- Collected data -
(* With $\ell_n=\Psi(L_n)$, $z_n=\Psi(Z_n)$, $h_n=\Psi(H_n)$ for $n\ge1$ and $\ell_0=z_0=h_0=1$: (i) $\ell_n=4\ell_{n-1}+\ell_{n-4}+\ell_{n-5}$ for $n\ge5$, with $\ell_0=1,\ell_1=5,\ell_2=20,\ell_3=79,\ell_4=317$; (ii) $z_n=3z_{n-1}+z_{n-2}+6z_{n-3}+7z_{n-4}+7z_{n-5}+5z_{n-6}+z_{n-7}$ for $n\ge7$, with $z_0=1,z_1=5,z_2=20,z_3=75,z_4=288,z_5=1105,z_6=4234$; (iii) $h_n=h_{n-1}+7h_{n-2}+12h_{n-3}+6h_{n-4}+7h_{n-5}+4h_{n-6}+2h_{n-7}$ for $n\ge7$, with $h_0=1,h_1=5,h_2=20,h_3=75,h_4=288,h_5=1094,h_6=4171$.
   Context: A matching of a graph is a set of pairwise vertex-disjoint edges; it is maximal if it is not a proper subset of another matching. $\Psi(G)$ is the number of maximal matchings of $G$. A benzenoid system is a connected plane graph without cut-vertices in which every bounded face is a hexagon, any two hexagonal faces being either disjoint or sharing exactly one edge (then they are adjacent). It is catacondensed if no vertex lies in three hexagons, and a benzenoid chain if moreover no hexagon is adjacent to three other hexagons; its length is its number of hexagons. In a chain, the two hexagons adjacent to only one other hexagon are terminal, the rest interior. An interior hexagon has exactly two vertices of degree 2; it is straight if these are non-adjacent and kinky if they are adjacent. $L_n$ (polyacene) is the benzenoid chain of length $n$ all of whose interior hexagons are straight. $Z_n$ (zig-zag polyphenacene) is the benzenoid chain of length $n$ with all interior hexagons kinky and successive kinks turning alternately in opposite directions; $H_n$ (helicene) is the one of length $n$ with all interior hexagons kinky and all kinks turning in the same direction (viewed as an abstract graph). *)

From mathcomp Require Import all_boot.
Set Implicit Arguments. Unset Strict Implicit. Unset Printing Implicit Defensive.

Definition is_matching (V : finType) (e : rel V) (M : {set {set V}}) : bool :=
  [forall E in M, exists u, exists v, e u v && (E == [set u; v])] &&
  [forall E in M, forall F in M, (E != F) ==> [disjoint E & F]].

Definition is_maximal_matching (V : finType) (e : rel V) (M : {set {set V}}) : bool :=
  is_matching e M &&
  [forall M' : {set {set V}}, (is_matching e M' && (M \subset M')) ==> (M' == M)].

Definition Psi (V : finType) (e : rel V) : nat :=
  #|[set M : {set {set V}} | is_maximal_matching e M]|.

(** Benzenoid chains of length n, built hexagon by hexagon on vertices
    0 .. 4n+1.  Vertices 0,1 form an edge of the first hexagon.  Hexagon k
    (k = 0..n-1) is the cycle a_k, 4k+2, 4k+3, 4k+4, 4k+5, b_k, where
    (a_0,b_0) = (0,1) and hexagon k+1 is glued along the edge
    (4k+2+j, 4k+3+j) of hexagon k, with j = js k in {0,1,2}:
    j = 1 makes hexagon k straight, j = 0 / j = 2 make it kinky turning
    to one side / the other. *)
Definition attach (js : nat -> nat) (k : nat) : nat * nat :=
  if k is k'.+1 then (4 * k' + 2 + js k', 4 * k' + 3 + js k') else (0, 1).

Definition hex_edges (js : nat -> nat) (k : nat) : seq (nat * nat) :=
  let: (a, b) := attach js k in
  [:: (a, 4 * k + 2); (4 * k + 2, 4 * k + 3); (4 * k + 3, 4 * k + 4);
      (4 * k + 4, 4 * k + 5); (4 * k + 5, b)].

Definition chain_edges (js : nat -> nat) (n : nat) : seq (nat * nat) :=
  (0, 1) :: flatten [seq hex_edges js k | k <- iota 0 n].

Definition chain_rel (js : nat -> nat) (n : nat) : rel 'I_(4 * n + 2) :=
  fun u v => ((val u, val v) \in chain_edges js n) ||
             ((val v, val u) \in chain_edges js n).

Arguments chain_rel js n : clear implicits.

(** L_n: all interior hexagons straight. *)
Definition polyacene_js (k : nat) : nat := 1.
(** Z_n: all interior hexagons kinky, kinks alternating in direction. *)
Definition zigzag_js (k : nat) : nat := if odd k then 2 else 0.
(** H_n: all interior hexagons kinky, kinks all in the same direction. *)
Definition helicene_js (k : nat) : nat := 0.

Definition ell (n : nat) : nat := if n is 0 then 1 else Psi (chain_rel polyacene_js n).
Definition zz (n : nat) : nat := if n is 0 then 1 else Psi (chain_rel zigzag_js n).
Definition hh (n : nat) : nat := if n is 0 then 1 else Psi (chain_rel helicene_js n).

From mathcomp Require Import all_boot zify.
Set Implicit Arguments. Unset Strict Implicit. Unset Printing Implicit Defensive.

(* Transfer-matrix method.  A set of edges of a chain is a bit mask over its
   edge list, and it is a maximal matching iff it is a matching and every edge
   meets a matched vertex.  The hexagon added after hexagon [k] only meets the
   chain in the vertices [4k+2 .. 4k+5], so whether a prefix of the mask extends
   to a maximal matching depends only on a six-bit boundary (which of these
   vertices are matched, and whether the two edges linking hexagon [k] to its
   predecessor still need to be dominated), together with the parity of [k],
   which fixes the next kink of L_n, Z_n and H_n.  Hence Psi of the chain of
   length [k+1] is a fixed row vector times [T^k w] for a 128 x 128 transfer
   matrix [T], and a linear relation among the vectors [T^i w], checked by
   computation, is a linear recurrence for the sequence. *)

Definition incident (v : nat) (p : nat * nat) : bool := (p.1 == v) || (p.2 == v).

Definition edge_disjoint (p q : nat * nat) : bool :=
  ~~ incident p.1 q && ~~ incident p.2 q.

Definition edge_key (p : nat * nat) : nat * nat := (minn p.1 p.2, maxn p.1 p.2).

Definition edge_set N (p : nat * nat) : {set 'I_N} :=
  [set u : 'I_N | incident (val u) p].

Definition covered (E : seq (nat * nat)) (b : seq bool) (v : nat) : bool :=
  has (incident v) (mask b E).

Definition maximal_mask (E : seq (nat * nat)) (b : seq bool) : bool :=
  pairwise edge_disjoint (mask b E) &&
  all (fun p => covered E b p.1 || covered E b p.2) E.

Lemma edge_disjointC p q : edge_disjoint p q = edge_disjoint q p.
Proof. by rewrite /edge_disjoint /incident; case: p q => [p1 p2] [q1 q2] /=; lia. Qed.

Lemma disjointP (T : finType) (A B : {set T}) :
  reflect (forall x, x \in A -> x \in B -> False) [disjoint A & B].
Proof.
rewrite disjoint_subset; apply: (iffP subsetP) => H x.
  by move=> /H; rewrite inE => /negP.
by move=> xA; rewrite inE; apply/negP => /(H x xA).
Qed.

Lemma pairwise_in (T : eqType) (r : rel T) (s : seq T) x y :
  symmetric r -> pairwise r s -> x \in s -> y \in s -> x != y -> r x y.
Proof.
move=> rC; elim: s => //= z s IH /andP [/allP rz rs].
rewrite !inE => /orP [/eqP -> | xs] /orP [/eqP -> | ys].
- by rewrite eqxx.
- by move=> _; apply: rz.
- by move=> _; rewrite rC; apply: rz.
- exact: IH.
Qed.

Lemma pairwise_uniq_map (T K : eqType) (f : T -> K) (r : rel T) (s : seq T) :
  uniq (map f s) -> {in s &, forall x y, f x != f y -> r x y} -> pairwise r s.
Proof.
elim: s => //= z s IH /andP [zs us] H; apply/andP; split.
  apply/allP => y ys; apply: H; rewrite ?inE ?eqxx ?ys ?orbT //.
  by apply: contra zs => /eqP ->; apply: map_f.
by apply: IH => // x y xs ys; apply: H; rewrite inE ?xs ?ys orbT.
Qed.

Section EdgeSets.
Variable N : nat.

Lemma edge_set_ord (u v : 'I_N) : edge_set N (val u, val v) = [set u; v].
Proof.
by apply/setP => x; rewrite !inE /incident /= !val_eqE (eq_sym u) (eq_sym v).
Qed.

Lemma edge_set_key p q : p.1 < N -> p.2 < N -> q.1 < N -> q.2 < N ->
  edge_set N p = edge_set N q -> edge_key p = edge_key q.
Proof.
case: p q => [p1 p2] [q1 q2] /= p1N p2N q1N q2N epq.
have same x : x < N -> incident x (p1, p2) = incident x (q1, q2).
  by move=> xN; have := congr1 (fun A : {set 'I_N} => Ordinal xN \in A) epq; rewrite !inE.
move: (same _ p1N) (same _ p2N) (same _ q1N) (same _ q2N).
rewrite /incident /edge_key /= !eqxx ?orbT => h1 h2 h3 h4.
by apply/eqP; rewrite xpair_eqE; lia.
Qed.

Lemma disjoint_edge_set p q : p.1 < N -> p.2 < N ->
  [disjoint edge_set N p & edge_set N q] = edge_disjoint p q.
Proof.
case: p => [p1 p2] /= p1N p2N; apply/disjointP/idP.
  move=> H; rewrite /edge_disjoint /=; apply/andP; split; apply/negP => hq.
    by apply: (H (Ordinal p1N)); rewrite inE // /incident /= eqxx.
  by apply: (H (Ordinal p2N)); rewrite inE // /incident /= eqxx orbT.
rewrite /edge_disjoint /= => /andP [n1 n2] x; rewrite !inE => /orP [] /eqP ex.
  by rewrite -ex in n1 *; rewrite (negbTE n1).
by rewrite -ex in n2 *; rewrite (negbTE n2).
Qed.

Lemma maximal_matchingP (e : rel 'I_N) M : is_matching e M ->
  reflect (forall u v, e u v -> [set u; v] \notin M ->
             exists2 Y, Y \in M & ~~ [disjoint [set u; v] & Y])
          (is_maximal_matching e M).
Proof.
move=> hM; rewrite /is_maximal_matching hM /=.
have [/forallP Medge /forallP Mdisj] := andP hM.
apply: (iffP forallP) => [maximalM u v euv uvM | extendM M'].
  apply/exists_inP; apply: contraT; rewrite negb_exists_in => /forall_inP free.
  have uvM' : is_matching e ([set u; v] |: M).
    apply/andP; split.
      apply/forall_inP => X /setU1P [-> | XM]; last by have /implyP := Medge X; apply.
      by apply/existsP; exists u; apply/existsP; exists v; rewrite euv eqxx.
    apply/forall_inP => X /setU1P [-> | XM]; apply/forall_inP => Y /setU1P [-> | YM];
      apply/implyP => XY.
    - by rewrite eqxx in XY.
    - by have := free Y YM; rewrite negbK.
    - by have := free X XM; rewrite negbK disjoint_sym.
    - by have /implyP/(_ XM)/forall_inP/(_ Y YM)/implyP := Mdisj X; apply.
  have /implyP := maximalM ([set u; v] |: M).
  by rewrite uvM' subsetUr => /(_ isT)/eqP eqM; move: uvM; rewrite -eqM setU11.
apply/implyP => /andP [hM' sMM']; rewrite eqEsubset sMM' andbT.
apply/subsetP => X XM'; have [/forallP M'edge /forallP M'disj] := andP hM'.
have /implyP/(_ XM')/existsP [u /existsP [v /andP [euv /eqP eX]]] := M'edge X.
apply: contraT => XM; have uvM : [set u; v] \notin M by rewrite -eX.
have [Y YM nd] := extendM u v euv uvM.
have YM' : Y \in M' by apply: (subsetP sMM').
have XY : X != Y by apply: contraNneq XM => ->.
have /implyP/(_ XM')/forall_inP/(_ Y YM')/implyP/(_ XY) := M'disj X.
by rewrite -eX in nd; rewrite (negbTE nd).
Qed.

End EdgeSets.

Fixpoint bool_seqs (k : nat) : seq (seq bool) :=
  if k is k'.+1 then [seq rcons l x | l <- bool_seqs k', x <- [:: false; true]]
  else [:: [::]].

Lemma bool_seqsS k :
  bool_seqs k.+1 = [seq rcons l x | l <- bool_seqs k, x <- [:: false; true]].
Proof. by []. Qed.

Lemma uniq_bool_seqs k : uniq (bool_seqs k).
Proof.
elim: k => // k IH; rewrite bool_seqsS; apply: allpairs_uniq => //.
by move=> [l x] [l' x'] _ _ /= /rcons_inj.
Qed.

Lemma mem_bool_seqs k l : (l \in bool_seqs k) = (size l == k).
Proof.
elim: k l => [|k IH] l; first by case: l.
rewrite bool_seqsS; apply/allpairsP/idP => [[[l' x] [/= l'k _ ->]] | ].
  by rewrite size_rcons eqSS -IH.
case/lastP: l => [|l x] //; rewrite size_rcons eqSS => lk.
by exists (l, x); split => //=; [rewrite IH | case: x].
Qed.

- WHAT TO WORK ON -
From the records above, print only the lines between the one holding "Definition edge_set N" and the one holding "all (fun p =>", inclusive, exactly as they stand.

- ANSWER SECTION -
Definition edge_set N (p : nat * nat) : {set 'I_N} :=
  [set u : 'I_N | incident (val u) p].

Definition covered (E : seq (nat * nat)) (b : seq bool) (v : nat) : bool :=
  has (incident v) (mask b E).

Definition maximal_mask (E : seq (nat * nat)) (b : seq bool) : bool :=
  pairwise edge_disjoint (mask b E) &&
  all (fun p => covered E b p.1 || covered E b p.2) E.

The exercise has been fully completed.